§ What you should do:
Send back exactly the lines from the opening line of the records below through the one with "From HB Require Import structures.".

§ Material to process:
•••••

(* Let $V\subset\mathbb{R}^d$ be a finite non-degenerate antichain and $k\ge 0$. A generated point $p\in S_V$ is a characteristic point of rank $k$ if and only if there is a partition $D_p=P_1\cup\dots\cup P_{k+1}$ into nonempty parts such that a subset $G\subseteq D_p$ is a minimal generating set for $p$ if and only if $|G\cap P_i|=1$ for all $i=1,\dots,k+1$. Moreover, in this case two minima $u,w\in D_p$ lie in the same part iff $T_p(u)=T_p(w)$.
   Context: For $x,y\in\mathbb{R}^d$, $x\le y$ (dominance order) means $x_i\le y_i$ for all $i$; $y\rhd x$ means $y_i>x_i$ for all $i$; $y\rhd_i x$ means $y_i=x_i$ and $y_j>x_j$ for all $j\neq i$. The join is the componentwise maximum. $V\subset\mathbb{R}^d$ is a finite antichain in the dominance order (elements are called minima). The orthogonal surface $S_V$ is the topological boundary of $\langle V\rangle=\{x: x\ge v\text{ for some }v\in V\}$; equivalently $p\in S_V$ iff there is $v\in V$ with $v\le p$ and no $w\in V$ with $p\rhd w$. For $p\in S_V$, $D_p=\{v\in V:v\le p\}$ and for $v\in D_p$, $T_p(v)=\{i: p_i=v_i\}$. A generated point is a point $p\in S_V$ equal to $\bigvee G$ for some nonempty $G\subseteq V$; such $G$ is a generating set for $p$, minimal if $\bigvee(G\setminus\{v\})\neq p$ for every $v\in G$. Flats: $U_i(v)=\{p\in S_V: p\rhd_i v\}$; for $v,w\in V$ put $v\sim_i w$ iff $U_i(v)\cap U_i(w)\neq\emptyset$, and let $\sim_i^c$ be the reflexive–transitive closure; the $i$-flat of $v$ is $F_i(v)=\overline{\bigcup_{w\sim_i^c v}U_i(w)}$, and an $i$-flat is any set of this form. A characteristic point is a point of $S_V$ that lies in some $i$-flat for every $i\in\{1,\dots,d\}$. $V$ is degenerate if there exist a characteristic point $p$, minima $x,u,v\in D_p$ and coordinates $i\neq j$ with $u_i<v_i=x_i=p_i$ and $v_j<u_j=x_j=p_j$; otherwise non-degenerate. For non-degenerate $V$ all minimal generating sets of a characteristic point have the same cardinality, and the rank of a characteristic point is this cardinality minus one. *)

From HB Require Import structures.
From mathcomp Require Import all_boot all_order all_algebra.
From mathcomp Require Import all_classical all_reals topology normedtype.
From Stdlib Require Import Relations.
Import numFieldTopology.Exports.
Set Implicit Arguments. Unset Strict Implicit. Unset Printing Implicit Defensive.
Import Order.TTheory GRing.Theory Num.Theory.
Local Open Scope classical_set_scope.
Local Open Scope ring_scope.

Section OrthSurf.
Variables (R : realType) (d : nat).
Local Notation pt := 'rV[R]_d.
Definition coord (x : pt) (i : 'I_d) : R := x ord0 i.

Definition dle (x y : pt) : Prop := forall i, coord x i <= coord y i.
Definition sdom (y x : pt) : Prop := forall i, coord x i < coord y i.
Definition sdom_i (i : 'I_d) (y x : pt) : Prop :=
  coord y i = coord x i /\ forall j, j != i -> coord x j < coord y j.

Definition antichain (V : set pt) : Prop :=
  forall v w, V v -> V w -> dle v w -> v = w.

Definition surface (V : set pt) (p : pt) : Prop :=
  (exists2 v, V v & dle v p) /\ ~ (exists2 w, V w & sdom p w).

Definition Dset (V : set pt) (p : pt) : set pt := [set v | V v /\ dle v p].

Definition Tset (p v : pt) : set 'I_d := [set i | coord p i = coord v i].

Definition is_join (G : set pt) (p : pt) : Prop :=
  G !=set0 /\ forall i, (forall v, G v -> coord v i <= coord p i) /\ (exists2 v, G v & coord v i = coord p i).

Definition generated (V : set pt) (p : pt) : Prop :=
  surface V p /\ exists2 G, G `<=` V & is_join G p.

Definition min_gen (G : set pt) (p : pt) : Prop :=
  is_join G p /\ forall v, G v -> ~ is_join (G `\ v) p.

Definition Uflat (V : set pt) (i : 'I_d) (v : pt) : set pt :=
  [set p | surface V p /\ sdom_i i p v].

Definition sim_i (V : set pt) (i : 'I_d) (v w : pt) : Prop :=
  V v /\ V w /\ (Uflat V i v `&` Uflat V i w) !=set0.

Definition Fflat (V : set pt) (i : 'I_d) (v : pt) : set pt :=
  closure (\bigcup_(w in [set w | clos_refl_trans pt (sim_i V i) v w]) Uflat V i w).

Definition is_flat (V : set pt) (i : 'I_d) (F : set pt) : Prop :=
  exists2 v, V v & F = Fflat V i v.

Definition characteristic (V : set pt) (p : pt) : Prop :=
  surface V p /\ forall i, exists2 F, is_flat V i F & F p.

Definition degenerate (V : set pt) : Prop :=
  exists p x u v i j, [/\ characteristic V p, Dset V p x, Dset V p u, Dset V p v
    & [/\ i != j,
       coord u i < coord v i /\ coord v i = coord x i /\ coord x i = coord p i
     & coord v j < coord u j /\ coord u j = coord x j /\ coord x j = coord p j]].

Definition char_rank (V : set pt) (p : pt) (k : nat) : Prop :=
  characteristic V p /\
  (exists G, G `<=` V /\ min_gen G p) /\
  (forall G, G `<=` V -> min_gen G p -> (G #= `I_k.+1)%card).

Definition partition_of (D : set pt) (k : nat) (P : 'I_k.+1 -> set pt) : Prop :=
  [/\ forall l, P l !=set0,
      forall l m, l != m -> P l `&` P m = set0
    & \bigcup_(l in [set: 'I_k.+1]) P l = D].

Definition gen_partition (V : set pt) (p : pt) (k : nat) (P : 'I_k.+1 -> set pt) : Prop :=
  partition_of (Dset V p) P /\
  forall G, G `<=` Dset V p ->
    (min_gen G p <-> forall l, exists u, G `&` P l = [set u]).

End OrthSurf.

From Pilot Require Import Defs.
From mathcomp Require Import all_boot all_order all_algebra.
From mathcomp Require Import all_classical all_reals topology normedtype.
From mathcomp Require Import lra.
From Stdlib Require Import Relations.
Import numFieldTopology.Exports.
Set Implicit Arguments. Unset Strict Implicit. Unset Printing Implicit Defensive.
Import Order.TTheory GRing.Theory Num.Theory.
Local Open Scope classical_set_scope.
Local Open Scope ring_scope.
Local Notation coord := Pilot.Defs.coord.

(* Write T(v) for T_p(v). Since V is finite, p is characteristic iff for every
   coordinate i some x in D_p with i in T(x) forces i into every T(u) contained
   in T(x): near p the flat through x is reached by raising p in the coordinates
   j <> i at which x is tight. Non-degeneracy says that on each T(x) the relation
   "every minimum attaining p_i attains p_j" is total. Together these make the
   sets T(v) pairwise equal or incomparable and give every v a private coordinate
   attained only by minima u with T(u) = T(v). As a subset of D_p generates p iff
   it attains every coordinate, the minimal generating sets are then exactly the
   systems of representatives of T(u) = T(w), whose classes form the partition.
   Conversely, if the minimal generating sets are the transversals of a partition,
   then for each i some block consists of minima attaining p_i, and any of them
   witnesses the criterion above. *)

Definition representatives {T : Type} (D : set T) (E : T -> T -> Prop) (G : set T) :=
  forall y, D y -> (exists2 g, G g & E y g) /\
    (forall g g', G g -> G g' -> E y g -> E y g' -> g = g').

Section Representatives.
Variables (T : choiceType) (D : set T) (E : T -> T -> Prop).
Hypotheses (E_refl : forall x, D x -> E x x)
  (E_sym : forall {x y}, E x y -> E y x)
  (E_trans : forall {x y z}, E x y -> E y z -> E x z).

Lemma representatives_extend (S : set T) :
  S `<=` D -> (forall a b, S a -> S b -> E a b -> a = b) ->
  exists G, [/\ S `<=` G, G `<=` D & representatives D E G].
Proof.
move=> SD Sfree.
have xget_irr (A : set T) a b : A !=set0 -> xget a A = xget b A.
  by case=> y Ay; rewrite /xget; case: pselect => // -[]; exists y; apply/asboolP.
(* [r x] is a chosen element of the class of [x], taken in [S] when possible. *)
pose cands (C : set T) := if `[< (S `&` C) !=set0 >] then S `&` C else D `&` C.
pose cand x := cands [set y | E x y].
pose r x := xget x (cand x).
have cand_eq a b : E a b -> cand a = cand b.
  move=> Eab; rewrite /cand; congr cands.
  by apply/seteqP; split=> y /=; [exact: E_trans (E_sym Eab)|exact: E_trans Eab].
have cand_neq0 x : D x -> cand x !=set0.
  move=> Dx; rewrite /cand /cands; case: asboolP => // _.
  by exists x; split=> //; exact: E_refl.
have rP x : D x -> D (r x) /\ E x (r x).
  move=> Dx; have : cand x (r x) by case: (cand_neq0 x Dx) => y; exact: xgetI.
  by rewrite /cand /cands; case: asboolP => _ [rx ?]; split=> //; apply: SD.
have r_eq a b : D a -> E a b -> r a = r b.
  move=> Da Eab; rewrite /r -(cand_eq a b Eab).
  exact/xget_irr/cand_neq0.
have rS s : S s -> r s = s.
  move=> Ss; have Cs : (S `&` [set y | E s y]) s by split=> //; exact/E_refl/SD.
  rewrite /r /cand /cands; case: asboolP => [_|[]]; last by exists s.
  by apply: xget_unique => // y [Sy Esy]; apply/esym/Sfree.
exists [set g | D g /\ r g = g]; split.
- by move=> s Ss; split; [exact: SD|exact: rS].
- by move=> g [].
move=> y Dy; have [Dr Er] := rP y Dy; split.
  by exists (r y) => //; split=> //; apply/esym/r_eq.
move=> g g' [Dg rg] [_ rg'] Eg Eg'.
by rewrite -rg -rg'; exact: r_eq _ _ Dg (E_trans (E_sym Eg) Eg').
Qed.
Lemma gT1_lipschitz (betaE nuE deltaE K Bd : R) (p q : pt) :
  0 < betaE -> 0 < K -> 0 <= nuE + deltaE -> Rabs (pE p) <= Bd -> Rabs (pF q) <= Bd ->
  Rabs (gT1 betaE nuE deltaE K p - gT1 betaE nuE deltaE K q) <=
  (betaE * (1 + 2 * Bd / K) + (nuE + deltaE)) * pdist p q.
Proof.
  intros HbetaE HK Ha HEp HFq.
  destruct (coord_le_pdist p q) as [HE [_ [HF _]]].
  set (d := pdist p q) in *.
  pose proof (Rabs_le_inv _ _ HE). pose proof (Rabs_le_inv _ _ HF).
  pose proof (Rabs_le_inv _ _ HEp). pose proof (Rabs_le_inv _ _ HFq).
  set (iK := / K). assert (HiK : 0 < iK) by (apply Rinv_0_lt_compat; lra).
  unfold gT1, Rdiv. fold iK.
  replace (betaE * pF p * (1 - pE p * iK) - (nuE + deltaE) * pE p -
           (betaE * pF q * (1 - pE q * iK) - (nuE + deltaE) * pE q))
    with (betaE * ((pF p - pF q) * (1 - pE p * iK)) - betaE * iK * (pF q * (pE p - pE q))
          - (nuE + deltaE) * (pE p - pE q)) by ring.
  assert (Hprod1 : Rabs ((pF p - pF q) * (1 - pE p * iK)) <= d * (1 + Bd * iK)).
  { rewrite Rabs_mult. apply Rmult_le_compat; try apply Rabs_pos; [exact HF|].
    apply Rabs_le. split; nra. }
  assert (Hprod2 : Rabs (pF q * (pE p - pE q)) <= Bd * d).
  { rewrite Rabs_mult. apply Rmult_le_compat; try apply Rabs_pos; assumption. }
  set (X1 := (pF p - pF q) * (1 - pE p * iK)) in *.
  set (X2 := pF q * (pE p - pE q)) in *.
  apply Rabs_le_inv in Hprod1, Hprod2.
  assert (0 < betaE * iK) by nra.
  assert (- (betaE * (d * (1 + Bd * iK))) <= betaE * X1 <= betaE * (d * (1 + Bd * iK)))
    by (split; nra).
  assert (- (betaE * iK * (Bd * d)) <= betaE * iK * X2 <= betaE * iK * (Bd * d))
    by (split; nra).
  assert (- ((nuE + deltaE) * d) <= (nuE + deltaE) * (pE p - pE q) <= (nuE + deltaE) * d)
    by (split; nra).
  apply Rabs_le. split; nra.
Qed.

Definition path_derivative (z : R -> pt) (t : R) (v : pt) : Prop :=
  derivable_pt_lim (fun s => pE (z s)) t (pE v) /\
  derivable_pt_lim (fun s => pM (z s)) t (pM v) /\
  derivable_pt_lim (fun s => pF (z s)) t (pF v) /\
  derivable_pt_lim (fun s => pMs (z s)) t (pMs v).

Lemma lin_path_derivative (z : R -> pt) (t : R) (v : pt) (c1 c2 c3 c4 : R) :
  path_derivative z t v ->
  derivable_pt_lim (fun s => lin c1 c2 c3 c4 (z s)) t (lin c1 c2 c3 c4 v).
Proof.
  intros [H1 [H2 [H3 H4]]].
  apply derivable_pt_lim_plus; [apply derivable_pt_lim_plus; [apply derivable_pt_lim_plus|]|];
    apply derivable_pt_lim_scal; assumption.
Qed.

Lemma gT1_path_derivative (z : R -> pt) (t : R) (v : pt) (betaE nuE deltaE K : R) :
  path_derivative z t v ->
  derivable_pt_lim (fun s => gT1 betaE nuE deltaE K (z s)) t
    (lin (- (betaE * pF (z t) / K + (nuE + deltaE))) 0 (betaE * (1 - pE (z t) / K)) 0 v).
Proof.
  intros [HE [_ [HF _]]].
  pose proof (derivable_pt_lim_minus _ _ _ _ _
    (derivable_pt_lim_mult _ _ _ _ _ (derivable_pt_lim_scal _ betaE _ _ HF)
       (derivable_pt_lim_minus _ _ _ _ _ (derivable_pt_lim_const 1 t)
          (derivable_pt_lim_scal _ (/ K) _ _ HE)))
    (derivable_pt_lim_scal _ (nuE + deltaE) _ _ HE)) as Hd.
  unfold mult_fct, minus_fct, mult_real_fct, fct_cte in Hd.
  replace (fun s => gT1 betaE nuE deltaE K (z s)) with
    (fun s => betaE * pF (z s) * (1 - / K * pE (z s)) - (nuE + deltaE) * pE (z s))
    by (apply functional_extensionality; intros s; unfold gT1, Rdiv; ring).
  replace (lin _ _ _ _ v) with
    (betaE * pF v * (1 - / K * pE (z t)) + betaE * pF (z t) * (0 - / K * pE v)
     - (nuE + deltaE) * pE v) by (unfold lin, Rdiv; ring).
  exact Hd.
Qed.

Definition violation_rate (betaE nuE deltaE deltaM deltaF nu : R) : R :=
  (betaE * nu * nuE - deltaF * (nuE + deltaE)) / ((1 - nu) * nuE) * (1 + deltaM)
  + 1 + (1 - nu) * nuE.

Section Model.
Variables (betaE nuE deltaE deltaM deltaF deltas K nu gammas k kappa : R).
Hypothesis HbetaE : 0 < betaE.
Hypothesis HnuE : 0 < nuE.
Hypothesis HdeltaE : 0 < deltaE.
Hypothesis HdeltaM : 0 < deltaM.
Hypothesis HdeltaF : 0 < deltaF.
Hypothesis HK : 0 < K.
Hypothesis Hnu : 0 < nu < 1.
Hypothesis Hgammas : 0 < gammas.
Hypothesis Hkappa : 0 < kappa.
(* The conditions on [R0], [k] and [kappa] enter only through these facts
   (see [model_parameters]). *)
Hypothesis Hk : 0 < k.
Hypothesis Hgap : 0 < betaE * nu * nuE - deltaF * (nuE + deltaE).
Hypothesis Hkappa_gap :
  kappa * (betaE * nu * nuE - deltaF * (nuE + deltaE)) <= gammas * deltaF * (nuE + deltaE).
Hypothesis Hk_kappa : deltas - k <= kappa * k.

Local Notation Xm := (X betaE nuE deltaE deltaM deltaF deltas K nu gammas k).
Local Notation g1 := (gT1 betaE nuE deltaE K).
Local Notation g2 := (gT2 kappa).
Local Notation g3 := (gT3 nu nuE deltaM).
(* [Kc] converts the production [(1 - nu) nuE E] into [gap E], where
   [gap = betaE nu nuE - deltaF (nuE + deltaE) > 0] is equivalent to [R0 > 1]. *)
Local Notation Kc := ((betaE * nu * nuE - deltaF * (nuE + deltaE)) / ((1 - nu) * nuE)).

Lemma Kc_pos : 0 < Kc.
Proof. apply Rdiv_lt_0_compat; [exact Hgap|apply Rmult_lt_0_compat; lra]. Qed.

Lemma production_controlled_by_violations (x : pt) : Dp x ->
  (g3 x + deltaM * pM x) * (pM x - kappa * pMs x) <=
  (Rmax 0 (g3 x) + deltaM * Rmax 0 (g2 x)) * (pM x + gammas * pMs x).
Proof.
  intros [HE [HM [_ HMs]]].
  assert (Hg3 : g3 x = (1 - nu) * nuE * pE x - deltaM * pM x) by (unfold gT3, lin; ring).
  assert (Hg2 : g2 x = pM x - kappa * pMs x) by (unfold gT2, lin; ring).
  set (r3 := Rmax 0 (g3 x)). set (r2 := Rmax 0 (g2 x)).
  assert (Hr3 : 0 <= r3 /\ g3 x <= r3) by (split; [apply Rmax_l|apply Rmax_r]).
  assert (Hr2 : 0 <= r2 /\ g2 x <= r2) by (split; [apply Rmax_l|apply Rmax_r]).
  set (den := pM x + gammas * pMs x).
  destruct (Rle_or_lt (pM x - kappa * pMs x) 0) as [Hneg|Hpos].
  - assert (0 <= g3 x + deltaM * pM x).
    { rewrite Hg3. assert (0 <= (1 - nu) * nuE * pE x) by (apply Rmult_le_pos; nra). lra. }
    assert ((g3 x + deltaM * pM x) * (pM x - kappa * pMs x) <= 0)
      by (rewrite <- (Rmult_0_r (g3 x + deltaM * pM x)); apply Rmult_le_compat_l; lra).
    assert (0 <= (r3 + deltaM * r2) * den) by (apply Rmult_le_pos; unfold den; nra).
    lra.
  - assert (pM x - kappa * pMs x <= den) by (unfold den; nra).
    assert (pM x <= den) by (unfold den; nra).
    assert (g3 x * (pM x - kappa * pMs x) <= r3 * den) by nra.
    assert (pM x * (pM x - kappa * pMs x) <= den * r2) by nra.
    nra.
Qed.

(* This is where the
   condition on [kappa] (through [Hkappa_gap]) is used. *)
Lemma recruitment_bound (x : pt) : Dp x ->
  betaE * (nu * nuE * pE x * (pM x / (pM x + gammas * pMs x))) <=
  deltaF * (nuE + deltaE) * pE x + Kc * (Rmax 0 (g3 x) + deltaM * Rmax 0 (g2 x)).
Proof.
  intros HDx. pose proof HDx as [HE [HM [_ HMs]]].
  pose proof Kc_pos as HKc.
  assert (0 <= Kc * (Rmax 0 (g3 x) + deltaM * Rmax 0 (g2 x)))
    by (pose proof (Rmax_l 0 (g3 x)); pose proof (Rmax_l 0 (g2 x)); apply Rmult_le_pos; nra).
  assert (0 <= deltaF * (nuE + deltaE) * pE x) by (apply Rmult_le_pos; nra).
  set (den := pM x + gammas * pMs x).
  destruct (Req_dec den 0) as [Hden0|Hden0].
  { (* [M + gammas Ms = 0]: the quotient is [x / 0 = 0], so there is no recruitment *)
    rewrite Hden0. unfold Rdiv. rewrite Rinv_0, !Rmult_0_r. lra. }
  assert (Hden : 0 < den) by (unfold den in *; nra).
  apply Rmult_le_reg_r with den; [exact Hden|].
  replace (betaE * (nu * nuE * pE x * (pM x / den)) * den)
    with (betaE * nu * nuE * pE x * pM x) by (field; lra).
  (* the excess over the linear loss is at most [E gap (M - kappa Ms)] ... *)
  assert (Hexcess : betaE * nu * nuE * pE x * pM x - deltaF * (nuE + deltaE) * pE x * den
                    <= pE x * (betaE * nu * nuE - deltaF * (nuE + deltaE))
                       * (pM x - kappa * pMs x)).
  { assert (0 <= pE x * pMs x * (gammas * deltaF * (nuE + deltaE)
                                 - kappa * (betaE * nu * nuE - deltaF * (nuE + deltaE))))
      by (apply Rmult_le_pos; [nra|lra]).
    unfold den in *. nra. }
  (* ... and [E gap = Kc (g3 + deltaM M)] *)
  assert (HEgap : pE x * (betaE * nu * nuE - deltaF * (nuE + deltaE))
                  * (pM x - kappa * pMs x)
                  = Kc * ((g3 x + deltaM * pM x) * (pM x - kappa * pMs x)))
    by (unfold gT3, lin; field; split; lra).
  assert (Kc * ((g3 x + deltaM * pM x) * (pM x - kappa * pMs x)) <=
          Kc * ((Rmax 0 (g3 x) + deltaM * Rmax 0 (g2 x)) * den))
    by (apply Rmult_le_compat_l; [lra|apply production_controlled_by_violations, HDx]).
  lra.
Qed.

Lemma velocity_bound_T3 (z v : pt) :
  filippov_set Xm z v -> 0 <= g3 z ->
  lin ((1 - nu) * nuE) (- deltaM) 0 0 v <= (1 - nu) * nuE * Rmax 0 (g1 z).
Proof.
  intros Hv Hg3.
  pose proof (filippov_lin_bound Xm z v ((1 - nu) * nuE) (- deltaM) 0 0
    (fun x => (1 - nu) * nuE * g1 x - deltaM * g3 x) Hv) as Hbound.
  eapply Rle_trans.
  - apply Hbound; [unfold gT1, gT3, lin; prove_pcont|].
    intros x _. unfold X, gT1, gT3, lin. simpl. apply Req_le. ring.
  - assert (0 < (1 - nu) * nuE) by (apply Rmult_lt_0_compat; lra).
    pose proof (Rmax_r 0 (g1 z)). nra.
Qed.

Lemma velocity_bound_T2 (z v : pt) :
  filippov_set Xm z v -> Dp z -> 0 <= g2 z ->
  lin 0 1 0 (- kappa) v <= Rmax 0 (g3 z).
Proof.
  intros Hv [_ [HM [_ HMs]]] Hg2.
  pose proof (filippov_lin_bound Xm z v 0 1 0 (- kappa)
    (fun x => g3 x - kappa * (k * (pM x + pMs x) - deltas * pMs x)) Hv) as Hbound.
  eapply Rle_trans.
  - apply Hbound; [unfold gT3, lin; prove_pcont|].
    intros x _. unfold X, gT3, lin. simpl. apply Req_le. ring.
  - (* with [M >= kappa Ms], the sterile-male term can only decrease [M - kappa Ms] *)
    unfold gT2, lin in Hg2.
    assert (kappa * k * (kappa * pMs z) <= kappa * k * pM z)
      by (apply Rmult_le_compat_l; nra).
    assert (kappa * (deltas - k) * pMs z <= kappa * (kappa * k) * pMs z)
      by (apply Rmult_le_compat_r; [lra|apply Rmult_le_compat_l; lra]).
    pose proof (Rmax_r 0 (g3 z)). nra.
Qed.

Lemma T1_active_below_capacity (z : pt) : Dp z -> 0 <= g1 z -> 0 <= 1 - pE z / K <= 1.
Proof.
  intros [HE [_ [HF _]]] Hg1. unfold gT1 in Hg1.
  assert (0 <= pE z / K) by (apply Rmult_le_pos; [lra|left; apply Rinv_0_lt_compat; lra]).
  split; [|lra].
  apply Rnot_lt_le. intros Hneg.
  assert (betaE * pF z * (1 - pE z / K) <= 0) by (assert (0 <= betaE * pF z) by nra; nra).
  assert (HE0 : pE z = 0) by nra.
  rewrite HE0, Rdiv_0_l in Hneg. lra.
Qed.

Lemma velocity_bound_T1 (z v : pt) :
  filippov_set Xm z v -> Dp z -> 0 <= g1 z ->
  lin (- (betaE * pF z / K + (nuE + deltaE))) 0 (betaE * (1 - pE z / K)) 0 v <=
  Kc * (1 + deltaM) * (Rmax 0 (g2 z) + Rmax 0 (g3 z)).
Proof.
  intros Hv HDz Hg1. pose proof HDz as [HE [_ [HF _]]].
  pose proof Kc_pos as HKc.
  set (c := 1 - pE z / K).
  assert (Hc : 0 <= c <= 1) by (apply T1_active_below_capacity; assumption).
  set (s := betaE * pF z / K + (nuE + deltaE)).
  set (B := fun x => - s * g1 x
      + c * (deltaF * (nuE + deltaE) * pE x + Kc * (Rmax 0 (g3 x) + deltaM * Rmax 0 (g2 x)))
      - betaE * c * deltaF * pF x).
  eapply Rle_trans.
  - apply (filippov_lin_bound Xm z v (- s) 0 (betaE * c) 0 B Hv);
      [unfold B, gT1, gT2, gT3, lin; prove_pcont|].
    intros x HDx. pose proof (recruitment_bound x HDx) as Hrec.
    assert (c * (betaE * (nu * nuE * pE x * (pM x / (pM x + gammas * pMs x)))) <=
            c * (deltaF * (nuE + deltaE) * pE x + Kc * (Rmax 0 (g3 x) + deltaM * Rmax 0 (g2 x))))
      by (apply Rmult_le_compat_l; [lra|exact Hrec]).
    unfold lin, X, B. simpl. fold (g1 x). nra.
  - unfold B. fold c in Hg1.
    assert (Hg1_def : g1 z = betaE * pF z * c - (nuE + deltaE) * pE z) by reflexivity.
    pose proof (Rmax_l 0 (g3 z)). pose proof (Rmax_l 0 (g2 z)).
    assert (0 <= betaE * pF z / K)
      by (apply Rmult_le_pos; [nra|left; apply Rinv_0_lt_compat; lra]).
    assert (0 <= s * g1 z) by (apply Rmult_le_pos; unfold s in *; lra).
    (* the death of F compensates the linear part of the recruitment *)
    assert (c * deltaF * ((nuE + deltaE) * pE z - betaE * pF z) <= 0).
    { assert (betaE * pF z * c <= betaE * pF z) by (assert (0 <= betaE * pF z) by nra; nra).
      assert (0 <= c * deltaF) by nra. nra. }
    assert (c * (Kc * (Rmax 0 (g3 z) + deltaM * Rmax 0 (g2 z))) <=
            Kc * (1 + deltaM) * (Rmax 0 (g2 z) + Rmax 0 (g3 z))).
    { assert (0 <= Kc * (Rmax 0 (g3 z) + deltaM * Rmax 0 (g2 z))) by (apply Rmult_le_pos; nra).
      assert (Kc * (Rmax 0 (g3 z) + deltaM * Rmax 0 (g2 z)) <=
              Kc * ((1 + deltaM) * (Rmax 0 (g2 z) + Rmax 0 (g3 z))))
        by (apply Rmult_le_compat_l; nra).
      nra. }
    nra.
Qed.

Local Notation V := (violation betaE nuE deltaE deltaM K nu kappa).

•••••

§ Result of this task:
(* Let $V\subset\mathbb{R}^d$ be a finite non-degenerate antichain and $k\ge 0$. A generated point $p\in S_V$ is a characteristic point of rank $k$ if and only if there is a partition $D_p=P_1\cup\dots\cup P_{k+1}$ into nonempty parts such that a subset $G\subseteq D_p$ is a minimal generating set for $p$ if and only if $|G\cap P_i|=1$ for all $i=1,\dots,k+1$. Moreover, in this case two minima $u,w\in D_p$ lie in the same part iff $T_p(u)=T_p(w)$.
   Context: For $x,y\in\mathbb{R}^d$, $x\le y$ (dominance order) means $x_i\le y_i$ for all $i$; $y\rhd x$ means $y_i>x_i$ for all $i$; $y\rhd_i x$ means $y_i=x_i$ and $y_j>x_j$ for all $j\neq i$. The join is the componentwise maximum. $V\subset\mathbb{R}^d$ is a finite antichain in the dominance order (elements are called minima). The orthogonal surface $S_V$ is the topological boundary of $\langle V\rangle=\{x: x\ge v\text{ for some }v\in V\}$; equivalently $p\in S_V$ iff there is $v\in V$ with $v\le p$ and no $w\in V$ with $p\rhd w$. For $p\in S_V$, $D_p=\{v\in V:v\le p\}$ and for $v\in D_p$, $T_p(v)=\{i: p_i=v_i\}$. A generated point is a point $p\in S_V$ equal to $\bigvee G$ for some nonempty $G\subseteq V$; such $G$ is a generating set for $p$, minimal if $\bigvee(G\setminus\{v\})\neq p$ for every $v\in G$. Flats: $U_i(v)=\{p\in S_V: p\rhd_i v\}$; for $v,w\in V$ put $v\sim_i w$ iff $U_i(v)\cap U_i(w)\neq\emptyset$, and let $\sim_i^c$ be the reflexive–transitive closure; the $i$-flat of $v$ is $F_i(v)=\overline{\bigcup_{w\sim_i^c v}U_i(w)}$, and an $i$-flat is any set of this form. A characteristic point is a point of $S_V$ that lies in some $i$-flat for every $i\in\{1,\dots,d\}$. $V$ is degenerate if there exist a characteristic point $p$, minima $x,u,v\in D_p$ and coordinates $i\neq j$ with $u_i<v_i=x_i=p_i$ and $v_j<u_j=x_j=p_j$; otherwise non-degenerate. For non-degenerate $V$ all minimal generating sets of a characteristic point have the same cardinality, and the rank of a characteristic point is this cardinality minus one. *)

From HB Require Import structures.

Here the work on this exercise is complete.